** EXERCISE **
Output, without alteration, the first line of the entries and each line after it, stopping with the line that contains "[apply sum1_scal|].".

** AVAILABLE RECORDS **
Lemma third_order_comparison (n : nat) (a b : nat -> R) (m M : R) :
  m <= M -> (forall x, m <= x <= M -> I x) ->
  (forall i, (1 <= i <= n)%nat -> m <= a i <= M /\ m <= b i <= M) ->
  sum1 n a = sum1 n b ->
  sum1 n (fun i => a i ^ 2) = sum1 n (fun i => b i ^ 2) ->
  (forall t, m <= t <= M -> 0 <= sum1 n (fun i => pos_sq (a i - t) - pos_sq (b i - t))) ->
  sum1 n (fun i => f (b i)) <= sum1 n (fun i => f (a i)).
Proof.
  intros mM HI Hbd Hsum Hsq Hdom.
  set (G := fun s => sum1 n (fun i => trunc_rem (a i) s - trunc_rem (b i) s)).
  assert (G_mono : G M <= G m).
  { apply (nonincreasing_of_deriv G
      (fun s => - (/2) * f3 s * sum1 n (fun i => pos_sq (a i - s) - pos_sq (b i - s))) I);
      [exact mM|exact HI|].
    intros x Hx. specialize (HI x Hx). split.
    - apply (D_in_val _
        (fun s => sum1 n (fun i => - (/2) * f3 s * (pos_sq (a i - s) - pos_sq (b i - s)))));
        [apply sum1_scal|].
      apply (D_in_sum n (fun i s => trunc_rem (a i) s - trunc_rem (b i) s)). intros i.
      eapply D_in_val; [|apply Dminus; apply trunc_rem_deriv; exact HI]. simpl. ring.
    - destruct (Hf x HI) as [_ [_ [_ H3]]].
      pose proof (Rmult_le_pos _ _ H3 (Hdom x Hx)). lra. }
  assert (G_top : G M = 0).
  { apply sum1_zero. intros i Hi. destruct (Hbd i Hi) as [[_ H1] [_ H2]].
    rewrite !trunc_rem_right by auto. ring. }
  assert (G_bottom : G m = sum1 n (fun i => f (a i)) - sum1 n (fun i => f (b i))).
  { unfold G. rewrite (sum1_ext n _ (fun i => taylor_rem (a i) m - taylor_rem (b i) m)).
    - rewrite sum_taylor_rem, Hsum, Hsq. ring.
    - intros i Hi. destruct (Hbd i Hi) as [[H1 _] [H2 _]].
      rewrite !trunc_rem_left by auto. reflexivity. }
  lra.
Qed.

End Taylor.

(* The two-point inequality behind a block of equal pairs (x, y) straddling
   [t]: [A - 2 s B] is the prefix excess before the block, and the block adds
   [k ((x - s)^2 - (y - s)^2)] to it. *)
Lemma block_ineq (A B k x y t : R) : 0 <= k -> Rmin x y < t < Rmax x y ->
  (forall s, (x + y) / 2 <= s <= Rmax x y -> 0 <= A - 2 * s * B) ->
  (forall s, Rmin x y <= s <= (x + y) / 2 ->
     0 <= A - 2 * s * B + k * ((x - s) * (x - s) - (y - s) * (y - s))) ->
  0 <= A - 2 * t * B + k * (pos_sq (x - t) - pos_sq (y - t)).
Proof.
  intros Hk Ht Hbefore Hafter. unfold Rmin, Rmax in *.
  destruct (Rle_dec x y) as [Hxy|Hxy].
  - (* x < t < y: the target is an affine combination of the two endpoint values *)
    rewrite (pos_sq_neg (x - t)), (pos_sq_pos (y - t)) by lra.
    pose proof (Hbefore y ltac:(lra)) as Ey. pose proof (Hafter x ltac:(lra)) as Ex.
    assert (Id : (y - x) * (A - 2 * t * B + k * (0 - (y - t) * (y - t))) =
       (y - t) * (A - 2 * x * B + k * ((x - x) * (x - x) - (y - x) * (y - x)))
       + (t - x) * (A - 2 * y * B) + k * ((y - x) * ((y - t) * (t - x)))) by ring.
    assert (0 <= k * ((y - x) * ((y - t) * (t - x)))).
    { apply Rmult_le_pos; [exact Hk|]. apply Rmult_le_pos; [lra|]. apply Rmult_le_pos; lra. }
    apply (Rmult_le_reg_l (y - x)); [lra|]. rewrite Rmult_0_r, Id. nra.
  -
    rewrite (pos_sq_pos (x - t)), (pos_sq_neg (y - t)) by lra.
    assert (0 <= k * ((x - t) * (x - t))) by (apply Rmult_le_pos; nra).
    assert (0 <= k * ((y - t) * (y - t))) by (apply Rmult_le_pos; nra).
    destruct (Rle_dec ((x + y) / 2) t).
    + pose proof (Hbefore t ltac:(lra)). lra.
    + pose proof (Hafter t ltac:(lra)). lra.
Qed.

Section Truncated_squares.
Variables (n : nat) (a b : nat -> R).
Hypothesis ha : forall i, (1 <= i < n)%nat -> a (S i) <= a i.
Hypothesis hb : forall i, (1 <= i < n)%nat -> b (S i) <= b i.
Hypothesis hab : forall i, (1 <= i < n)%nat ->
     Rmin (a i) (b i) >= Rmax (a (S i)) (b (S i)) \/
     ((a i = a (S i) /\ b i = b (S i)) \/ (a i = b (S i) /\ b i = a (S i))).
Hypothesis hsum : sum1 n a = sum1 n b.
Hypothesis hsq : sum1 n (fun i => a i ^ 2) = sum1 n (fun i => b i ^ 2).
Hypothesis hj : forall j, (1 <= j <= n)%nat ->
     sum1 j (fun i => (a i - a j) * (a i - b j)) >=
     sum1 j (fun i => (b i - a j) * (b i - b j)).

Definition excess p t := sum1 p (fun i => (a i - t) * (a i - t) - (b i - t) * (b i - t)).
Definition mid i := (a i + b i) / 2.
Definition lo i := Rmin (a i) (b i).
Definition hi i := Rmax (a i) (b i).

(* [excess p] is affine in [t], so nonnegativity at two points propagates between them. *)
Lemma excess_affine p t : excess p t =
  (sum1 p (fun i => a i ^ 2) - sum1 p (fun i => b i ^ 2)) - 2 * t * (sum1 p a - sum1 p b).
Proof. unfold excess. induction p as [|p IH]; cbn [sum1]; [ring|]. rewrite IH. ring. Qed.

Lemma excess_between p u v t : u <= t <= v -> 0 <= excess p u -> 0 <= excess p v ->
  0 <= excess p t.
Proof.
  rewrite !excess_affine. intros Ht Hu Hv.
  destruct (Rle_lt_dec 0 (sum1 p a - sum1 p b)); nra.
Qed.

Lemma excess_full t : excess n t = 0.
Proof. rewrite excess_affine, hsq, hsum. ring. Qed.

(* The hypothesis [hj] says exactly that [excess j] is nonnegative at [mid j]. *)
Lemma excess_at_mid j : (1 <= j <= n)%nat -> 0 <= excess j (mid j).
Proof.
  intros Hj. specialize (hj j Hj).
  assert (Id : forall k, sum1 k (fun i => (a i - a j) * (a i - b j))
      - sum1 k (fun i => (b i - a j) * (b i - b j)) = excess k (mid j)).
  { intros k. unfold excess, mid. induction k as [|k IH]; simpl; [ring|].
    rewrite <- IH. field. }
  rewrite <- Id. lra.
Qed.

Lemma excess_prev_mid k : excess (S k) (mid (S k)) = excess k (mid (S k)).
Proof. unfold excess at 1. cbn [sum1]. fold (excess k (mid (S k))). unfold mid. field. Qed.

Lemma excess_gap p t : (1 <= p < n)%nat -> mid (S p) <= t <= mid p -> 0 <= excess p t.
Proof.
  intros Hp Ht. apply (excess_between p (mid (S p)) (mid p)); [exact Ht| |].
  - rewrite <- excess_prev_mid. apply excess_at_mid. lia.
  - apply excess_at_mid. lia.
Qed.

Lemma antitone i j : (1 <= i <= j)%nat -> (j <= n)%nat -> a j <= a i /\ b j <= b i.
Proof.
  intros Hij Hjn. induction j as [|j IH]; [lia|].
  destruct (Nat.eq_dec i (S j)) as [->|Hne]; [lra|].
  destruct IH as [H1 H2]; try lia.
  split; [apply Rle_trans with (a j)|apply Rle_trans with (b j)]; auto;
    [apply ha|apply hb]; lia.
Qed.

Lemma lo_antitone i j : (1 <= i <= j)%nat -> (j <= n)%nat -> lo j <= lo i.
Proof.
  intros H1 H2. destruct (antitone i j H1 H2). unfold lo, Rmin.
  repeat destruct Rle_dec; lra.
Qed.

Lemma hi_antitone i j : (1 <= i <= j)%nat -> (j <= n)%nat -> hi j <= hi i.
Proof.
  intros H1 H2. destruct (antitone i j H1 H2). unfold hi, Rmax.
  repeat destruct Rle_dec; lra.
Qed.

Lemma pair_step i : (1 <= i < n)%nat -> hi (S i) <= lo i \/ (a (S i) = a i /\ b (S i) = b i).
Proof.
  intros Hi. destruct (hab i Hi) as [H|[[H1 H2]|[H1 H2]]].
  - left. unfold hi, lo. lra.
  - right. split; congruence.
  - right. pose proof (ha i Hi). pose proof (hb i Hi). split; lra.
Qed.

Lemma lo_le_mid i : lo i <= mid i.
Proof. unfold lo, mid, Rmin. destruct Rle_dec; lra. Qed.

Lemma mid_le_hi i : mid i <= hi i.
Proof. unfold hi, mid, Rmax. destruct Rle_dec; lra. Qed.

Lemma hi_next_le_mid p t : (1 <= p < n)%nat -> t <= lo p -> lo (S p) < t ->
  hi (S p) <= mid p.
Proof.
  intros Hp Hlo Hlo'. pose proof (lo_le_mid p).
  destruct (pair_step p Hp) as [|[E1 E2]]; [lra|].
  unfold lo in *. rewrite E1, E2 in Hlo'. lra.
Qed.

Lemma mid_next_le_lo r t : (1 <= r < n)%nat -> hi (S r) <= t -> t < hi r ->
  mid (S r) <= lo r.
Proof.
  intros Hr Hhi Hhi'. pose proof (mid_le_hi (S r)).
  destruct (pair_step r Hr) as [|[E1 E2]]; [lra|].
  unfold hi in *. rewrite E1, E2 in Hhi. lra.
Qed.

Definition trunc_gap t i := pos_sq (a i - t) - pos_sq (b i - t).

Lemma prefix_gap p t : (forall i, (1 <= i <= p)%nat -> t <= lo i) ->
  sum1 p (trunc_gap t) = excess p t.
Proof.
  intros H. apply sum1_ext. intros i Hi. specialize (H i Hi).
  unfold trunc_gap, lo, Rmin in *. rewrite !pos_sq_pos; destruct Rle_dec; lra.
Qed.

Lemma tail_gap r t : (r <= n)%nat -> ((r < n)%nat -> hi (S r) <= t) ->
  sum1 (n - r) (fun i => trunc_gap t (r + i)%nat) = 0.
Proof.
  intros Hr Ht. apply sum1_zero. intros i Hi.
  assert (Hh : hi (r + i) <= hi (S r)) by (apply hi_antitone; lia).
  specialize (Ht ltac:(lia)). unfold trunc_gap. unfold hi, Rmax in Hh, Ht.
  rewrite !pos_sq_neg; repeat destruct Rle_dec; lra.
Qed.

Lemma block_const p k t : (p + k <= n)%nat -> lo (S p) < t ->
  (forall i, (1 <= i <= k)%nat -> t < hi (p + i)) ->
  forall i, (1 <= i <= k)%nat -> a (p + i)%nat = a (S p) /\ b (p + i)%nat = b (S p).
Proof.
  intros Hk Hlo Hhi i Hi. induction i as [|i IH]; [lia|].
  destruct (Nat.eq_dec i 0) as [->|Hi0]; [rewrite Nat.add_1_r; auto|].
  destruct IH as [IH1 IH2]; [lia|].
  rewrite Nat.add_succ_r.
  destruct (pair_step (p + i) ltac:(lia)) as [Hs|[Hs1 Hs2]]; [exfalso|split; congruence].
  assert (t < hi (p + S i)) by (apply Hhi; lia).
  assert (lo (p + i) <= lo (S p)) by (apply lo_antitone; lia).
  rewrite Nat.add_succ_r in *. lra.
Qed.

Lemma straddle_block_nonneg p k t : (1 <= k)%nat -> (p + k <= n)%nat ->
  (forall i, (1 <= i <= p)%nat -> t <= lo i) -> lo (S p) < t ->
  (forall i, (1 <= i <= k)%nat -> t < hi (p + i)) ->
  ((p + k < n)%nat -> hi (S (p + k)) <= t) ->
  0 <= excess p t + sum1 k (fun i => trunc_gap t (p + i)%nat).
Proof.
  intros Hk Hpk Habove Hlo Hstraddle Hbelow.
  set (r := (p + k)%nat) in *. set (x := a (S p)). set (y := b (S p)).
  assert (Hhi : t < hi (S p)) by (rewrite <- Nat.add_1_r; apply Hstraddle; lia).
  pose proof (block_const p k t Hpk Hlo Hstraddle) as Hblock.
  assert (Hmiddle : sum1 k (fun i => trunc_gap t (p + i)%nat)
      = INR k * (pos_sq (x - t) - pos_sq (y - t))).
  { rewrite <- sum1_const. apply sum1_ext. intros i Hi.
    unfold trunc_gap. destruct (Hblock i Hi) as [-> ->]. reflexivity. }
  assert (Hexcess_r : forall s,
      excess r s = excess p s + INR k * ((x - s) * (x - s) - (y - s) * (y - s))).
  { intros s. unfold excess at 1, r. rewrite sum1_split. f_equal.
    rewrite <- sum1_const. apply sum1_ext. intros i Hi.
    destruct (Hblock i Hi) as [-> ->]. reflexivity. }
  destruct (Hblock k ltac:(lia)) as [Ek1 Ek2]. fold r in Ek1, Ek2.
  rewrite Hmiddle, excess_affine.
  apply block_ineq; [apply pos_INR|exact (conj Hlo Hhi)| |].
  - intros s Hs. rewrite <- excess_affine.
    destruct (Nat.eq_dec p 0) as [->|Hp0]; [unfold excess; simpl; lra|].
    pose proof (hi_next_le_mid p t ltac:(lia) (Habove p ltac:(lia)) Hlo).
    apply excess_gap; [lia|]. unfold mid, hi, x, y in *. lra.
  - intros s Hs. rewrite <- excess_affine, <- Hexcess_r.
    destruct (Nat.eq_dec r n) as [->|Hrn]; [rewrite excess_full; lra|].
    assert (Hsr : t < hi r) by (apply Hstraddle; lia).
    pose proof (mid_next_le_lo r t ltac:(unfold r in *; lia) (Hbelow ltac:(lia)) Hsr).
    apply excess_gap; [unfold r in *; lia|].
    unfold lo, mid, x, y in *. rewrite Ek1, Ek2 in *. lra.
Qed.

** TASK OUTPUT **
Lemma third_order_comparison (n : nat) (a b : nat -> R) (m M : R) :
  m <= M -> (forall x, m <= x <= M -> I x) ->
  (forall i, (1 <= i <= n)%nat -> m <= a i <= M /\ m <= b i <= M) ->
  sum1 n a = sum1 n b ->
  sum1 n (fun i => a i ^ 2) = sum1 n (fun i => b i ^ 2) ->
  (forall t, m <= t <= M -> 0 <= sum1 n (fun i => pos_sq (a i - t) - pos_sq (b i - t))) ->
  sum1 n (fun i => f (b i)) <= sum1 n (fun i => f (a i)).
Proof.
  intros mM HI Hbd Hsum Hsq Hdom.
  set (G := fun s => sum1 n (fun i => trunc_rem (a i) s - trunc_rem (b i) s)).
  assert (G_mono : G M <= G m).
  { apply (nonincreasing_of_deriv G
      (fun s => - (/2) * f3 s * sum1 n (fun i => pos_sq (a i - s) - pos_sq (b i - s))) I);
      [exact mM|exact HI|].
    intros x Hx. specialize (HI x Hx). split.
    - apply (D_in_val _
        (fun s => sum1 n (fun i => - (/2) * f3 s * (pos_sq (a i - s) - pos_sq (b i - s)))));
        [apply sum1_scal|].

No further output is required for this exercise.